A novel carbon crystal was reported in the Ries crater. The crystal shows a diffraction pattern different from those of preexisting crystalline carbon polymorphs (graphite, diamond, or lonsdaleite) and named chaoite, as mentioned previously (El Goresy and Donnay 1968). A similar allotropic form of carbon was synthesized during the sublimation of pyrolytic graphite (Whittaker and Kintner 1969). The mineral is thought to have a crystal structure comprising chains with alternating single and triple bonds (–C≡C–), which is called the carbyne structure. Five variations of carbynes were also found from the Allende and Murchison carbonaceous chondrites (Whittaker et al. 1980). The finding was once questioned and claimed as misidentified phases by powder XRD as a mixture of quartz and Fe-smectite (Smith and Buseck 1982). However, subsequent experimental studies ensure the existence of carbynes (e.g., Chalifoux and Tykwinski 2010; Pan et al. 2015). First-principles’ calculations clarified that carbyne is about twice as stiff as the stiffest known materials under tension (Liu et al. 2013); therefore, chaoite is also a potentially important mineral for material science.

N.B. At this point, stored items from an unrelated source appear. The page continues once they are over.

Definition penrose (R : realType) (n : nat) (A B : 'M[R]_n) : Prop :=
  [/\ A *m B *m A = A, B *m A *m B = B, (A *m B)^T = A *m B
    & (B *m A)^T = B *m A].
Definition mpinv (R : realType) (n : nat) (A : 'M[R]_n) : 'M[R]_n :=
  xget 0 [set B | penrose A B].

Definition vint (R : realType) (n : nat) (mu : {measure set Rn R n -> \bar R})
  (f : Rn R n -> 'rV[R]_n) : 'rV[R]_n :=
  \row_(i < n) (\int[mu]_y (f y 0 i)).
Definition mxint (R : realType) (n : nat) (mu : {measure set Rn R n -> \bar R})
  (F : Rn R n -> 'M[R]_n) : 'M[R]_n :=
  \matrix_(i < n, j < n) (\int[mu]_y (F y i j)).

Definition frame_op (R : realType) (n : nat) (mu : {measure set Rn R n -> \bar R})
  : 'M[R]_n := mxint mu (fun y => (vec y)^T *m vec y).

Definition P2 (R : realType) (n : nat) (S : 'M[R]_n)
  (nu : set (Rn R n) -> \bar R) : Prop :=
  [/\ nu setT = 1%E, nu (~` inS S) = 0%E
    & (\int[nu]_x (sqnorm (vec x))%:E < +oo)%E].

Definition pframe (R : realType) (n : nat) (W : 'M[R]_n)
  (mu : {measure set Rn R n -> \bar R}) : Prop :=
  exists A B : R, [/\ 0 < A, A <= B &
    forall x : Rn R n, inS W x ->
      ((A * sqnorm (vec x))%:E <= \int[mu]_y ((dot (vec x) (vec y)) ^+ 2)%:E)%E /\
      (\int[mu]_y ((dot (vec x) (vec y)) ^+ 2)%:E <= (B * sqnorm (vec x))%:E)%E].

From HB Require Import structures.
From mathcomp Require Import all_boot all_order all_algebra.
From mathcomp Require Import all_classical all_reals all_analysis.
From mathcomp Require Import measurable_realfun lra zify.
Set Implicit Arguments. Unset Strict Implicit. Unset Printing Implicit Defensive.
Import Order.TTheory GRing.Theory Num.Theory.
Import numFieldNormedType.Exports.
Local Open Scope classical_set_scope.
Local Open Scope ring_scope.

(* Write S := S_mu and K_h := \int x h(x)^t dmu(x).  Since
   \int <S^+ x, y> h(y) dmu(y) = K_h^t S^+ x and pi_{VW^perp} = pi_{WV^perp}^t,
   the right-hand side of the formula is T_h(x) := (pi_{WV^perp} - K_h)^t S^+ x + h(x).
   For h := T the correction term vanishes exactly when K_T = pi_{WV^perp}.
   Conversely \int x T_h(x)^t dmu = S S^+ (pi_{WV^perp} - K_h) + K_h.  As mu is a
   frame for W concentrated on W, the range of S is exactly W, which contains the
   ranges of pi_{WV^perp} and K_h; S S^+ being the orthogonal projection onto the
   range of S, the integral is pi_{WV^perp}.  Finally T = T_h mu-a.e. *)

Section GramMatrix.
Variable R : realFieldType.

Lemma mulmx_trmx_self_eq0 m (v : 'rV[R]_m) : v *m v^T = 0 -> v = 0.
Proof.
move=> /matrixP/(_ 0 0); rewrite !mxE => /eqP.
rewrite psumr_eq0 => [/allP vv0|i _]; last by rewrite mxE -expr2 sqr_ge0.
apply/rowP => i; have := vv0 i (mem_index_enum _).
by rewrite !mxE -expr2 sqrf_eq0 => /eqP.
Qed.

Lemma gram_unitmx r m (X : 'M[R]_(r, m)) : row_free X -> X *m X^T \in unitmx.
Proof.
move=> freeX; rewrite -row_free_unit; apply: inj_row_free => v.
rewrite mulmxA => vXX0; apply: (row_free_inj freeX); rewrite mul0mx.
by apply: mulmx_trmx_self_eq0; rewrite trmx_mul mulmxA vXX0 mul0mx.
Qed.

End GramMatrix.

Section MoorePenroseInverse.
Variable R : realType.

Lemma penrose_full_rank_factor m r (C : 'M[R]_(m, r)) (F : 'M[R]_(r, m)) :
  row_free F -> row_free C^T ->
  penrose (C *m F) (F^T *m (invmx (F *m F^T) *m (invmx (C^T *m C) *m C^T))).
Proof.
move=> freeF freeCt.
have uF := gram_unitmx freeF.
have uC := gram_unitmx freeCt; rewrite trmxK in uC.
set G1 := invmx (F *m F^T); set G2 := invmx (C^T *m C).
have G1T : G1^T = G1 by rewrite /G1 trmx_inv trmx_mul trmxK.
have G2T : G2^T = G2 by rewrite /G2 trmx_inv trmx_mul trmxK.
have FG1K p (X : 'M[R]_(r, p)) : F *m (F^T *m (G1 *m X)) = X.
  by rewrite !mulmxA mulmxV // mul1mx.
have G1FK p (X : 'M[R]_(r, p)) : G1 *m (F *m (F^T *m X)) = X.
  by rewrite [F *m _]mulmxA mulmxA mulVmx // mul1mx.
have G2CK p (X : 'M[R]_(r, p)) : G2 *m (C^T *m (C *m X)) = X.
  by rewrite [C^T *m _]mulmxA mulmxA mulVmx // mul1mx.
have AB : C *m F *m (F^T *m (G1 *m (G2 *m C^T))) = C *m (G2 *m C^T).
  by rewrite -!mulmxA FG1K.
have BA : F^T *m (G1 *m (G2 *m C^T)) *m (C *m F) = F^T *m (G1 *m F).
  by rewrite -!mulmxA G2CK.
split.
- by rewrite AB -!mulmxA G2CK.
- by rewrite BA -!mulmxA G1FK.
- by rewrite AB !trmx_mul trmxK G2T -!mulmxA.
- by rewrite BA !trmx_mul trmxK G1T -!mulmxA.
Qed.

Lemma mpinvP n (A : 'M[R]_n) : penrose A (mpinv A).
Proof.
apply: xgetPex; rewrite -(mulmx_base A); eexists.
apply: penrose_full_rank_factor; first exact: row_base_free.
by rewrite /row_free mxrank_tr; exact: col_base_full.
Qed.

Lemma sym_penrose_mulmxK n (S B Z : 'M[R]_n) : S^T = S -> penrose S B ->
  (Z^T <= S)%MS -> S *m (B^T *m Z) = Z.
Proof.
move=> ST [SBS _ _ BST] /submxP[Y ZE].
have -> : Z = S *m Y^T by rewrite -[Z]trmxK ZE trmx_mul ST.
have SBt : S *m B^T = B *m S by rewrite -BST trmx_mul ST.
have SBtS : S *m B^T *m S = S.
  by rewrite -{1 2}ST -trmx_mul -trmx_mul mulmxA SBS ST.
by rewrite mulmxA SBt mulmxA -SBt SBtS.
Qed.

End MoorePenroseInverse.

Section OrthogonalComplement.
Variables (R : realFieldType) (n : nat).

Lemma mulmx_orth m1 m2 p (U : 'M[R]_(m1, n)) (A : 'M[R]_(p, n)) (X : 'M[R]_(m2, n)) :
  (U <= A)%MS -> (X <= kermx A^T)%MS -> U *m X^T = 0.
Proof.
move=> /submxP[D ->] /sub_kermxP XA0.
by rewrite -mulmxA -[A *m X^T]trmxK trmx_mul trmxK XA0 trmx0 mulmx0.
Qed.

Lemma proj_mx_unique (U V M : 'M[R]_n) :
  (U :&: V = 0)%MS -> row_full (U + V)%MS ->
  U *m M = U -> V *m M = 0 -> M = proj_mx U V.
Proof.
move=> capUV fullUV UM VM; apply: (@row_full_inj _ _ _ _ (col_mx U V)).
  by rewrite -sub1mx -addsmxE sub1mx.
by rewrite !mul_col_mx UM VM proj_mx_id ?proj_mx_0.
Qed.

Lemma capmx_kermx0_submx (W S : 'M[R]_n) :
  (S <= W)%MS -> (W :&: kermx S = 0)%MS -> (W <= S)%MS.
Proof.
move=> sSW capWS0.
have rankWS : \rank (W *m S) = \rank W.
  by have := mxrank_mul_ker W S; rewrite capWS0 mxrank0 addn0.
have [_ <-] := mxrank_leqif_sup sSW.
by rewrite eqn_leq (mxrankS sSW) -rankWS mxrankS ?submxMl.
Qed.

Variables (W V : 'M[R]_n).
Hypotheses (capWV : (W :&: kermx V^T = 0)%MS) (fullWV : row_full (W + kermx V^T)%MS).

Let rank_eq : \rank W = \rank V.
Proof.
have := mxrank_sum_cap W (kermx V^T); rewrite capWV mxrank0 addn0 (eqP fullWV).
rewrite mxrank_ker mxrank_tr; have := rank_leq_row V; lia.
Qed.

Lemma capmx_orth_swap : (V :&: kermx W^T = 0)%MS.
Proof.
apply/eqP/rowV0P => d; rewrite sub_capmx => /andP[dV dWp].
have [[a b] /= dE] := sub_addsmxP (submx_full d fullWV).
(* d is orthogonal to both components of its decomposition in W + V^perp. *)
apply: mulmx_trmx_self_eq0.
rewrite {2}dE linearD /= (trmx_mul a) (trmx_mul b) mulmxDr !mulmxA (sub_kermxP dWp).
by rewrite (mulmx_orth dV (submx_refl (kermx V^T))) !mul0mx addr0.
Qed.

Lemma row_full_orth_swap : row_full (V + kermx W^T)%MS.
Proof.
apply/eqP; have := mxrank_sum_cap V (kermx W^T).
rewrite capmx_orth_swap mxrank0 addn0 mxrank_ker mxrank_tr => ->.
have := rank_leq_row W; have := rank_eq; lia.
Qed.

Lemma trmx_proj_orth : (proj_mx W (kermx V^T))^T = proj_mx V (kermx W^T).
Proof.
set P := proj_mx W _; have PW : (P <= W)%MS by rewrite -[P]mul1mx proj_mx_sub.
apply: proj_mx_unique; [exact: capmx_orth_swap | exact: row_full_orth_swap | |].
- have := proj_mx_compl_sub (submx_full 1%:M fullWV); rewrite mul1mx => compl.
  have := mulmx_orth (submx_refl V) compl.
  by rewrite linearB /= trmx1 mulmxBr mulmx1 => /eqP; rewrite subr_eq0 eq_sym => /eqP.
- by apply: trmx_inj; rewrite trmx_mul trmxK trmx0 (mulmx_orth PW (submx_refl _)).
Qed.

End OrthogonalComplement.

Section SquaredNorm.
Variables (R : realType) (n : nat).
Implicit Types u v : 'rV[R]_n.

Lemma outer_mxE u v i j : (u^T *m v) i j = u 0 i * v 0 j.
Proof. by rewrite !mxE big_ord1 !mxE. Qed.

Lemma sqnormE v : sqnorm v = (v *m v^T) 0 0.
Proof. by rewrite mxE; apply: eq_bigr => i _; rewrite mxE. Qed.

Lemma sqnorm_ge0 v : 0 <= sqnorm v.
Proof. by apply: sumr_ge0 => i _; rewrite -expr2 sqr_ge0. Qed.

Lemma sqnorm_eq0 v : sqnorm v = 0 -> v = 0.
Proof.
move=> v0; apply: mulmx_trmx_self_eq0; apply/matrixP => i j.
by rewrite !ord1 -sqnormE v0 mxE.
Qed.

Lemma sqr_coord_le_sqnorm v i : v 0 i ^+ 2 <= sqnorm v.
Proof.
rewrite /sqnorm /dot (bigD1 i) //= expr2 lerDl.
by apply: sumr_ge0 => j _; rewrite -expr2 sqr_ge0.
Qed.

End SquaredNorm.

Section SquareIntegrable.
Context d (T : measurableType d) (R : realType) (mu : {measure set T -> \bar R}).
Local Notation integrableR f := (mu.-integrable setT (EFin \o f)).
Implicit Types f g : T -> R.

Definition sqintegrable f :=
  measurable_fun setT f /\ integrableR (fun x => f x ^+ 2).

Another novel allotropic carbon was discovered in a shocked gneiss from the Popigai impact crater (El Goresy et al. 2003). Carbon platelets, embedded in quartz and cristobalite, consist of graphite and lonsdaleite and an unknown carbon phase. The unknown phase has considerably high polishing hardness overcoming diamond powder. Synchrotron XRD clarified that the phase has a cubic cell with the space group Pm-3m, although its density and the detailed crystal structure have not yet been obtained. Its origin and formation conditions are also unknown because of a lack of experimental and theoretical studies.

Finally, Németh and Garvie (2020) have recently reported the discovery of cage-like nanostructured carbonaceous materials, including carbon nano-onions and bucky-diamonds, formed through extraterrestrial impacts in the Gujba CBa carbonaceous chondrite.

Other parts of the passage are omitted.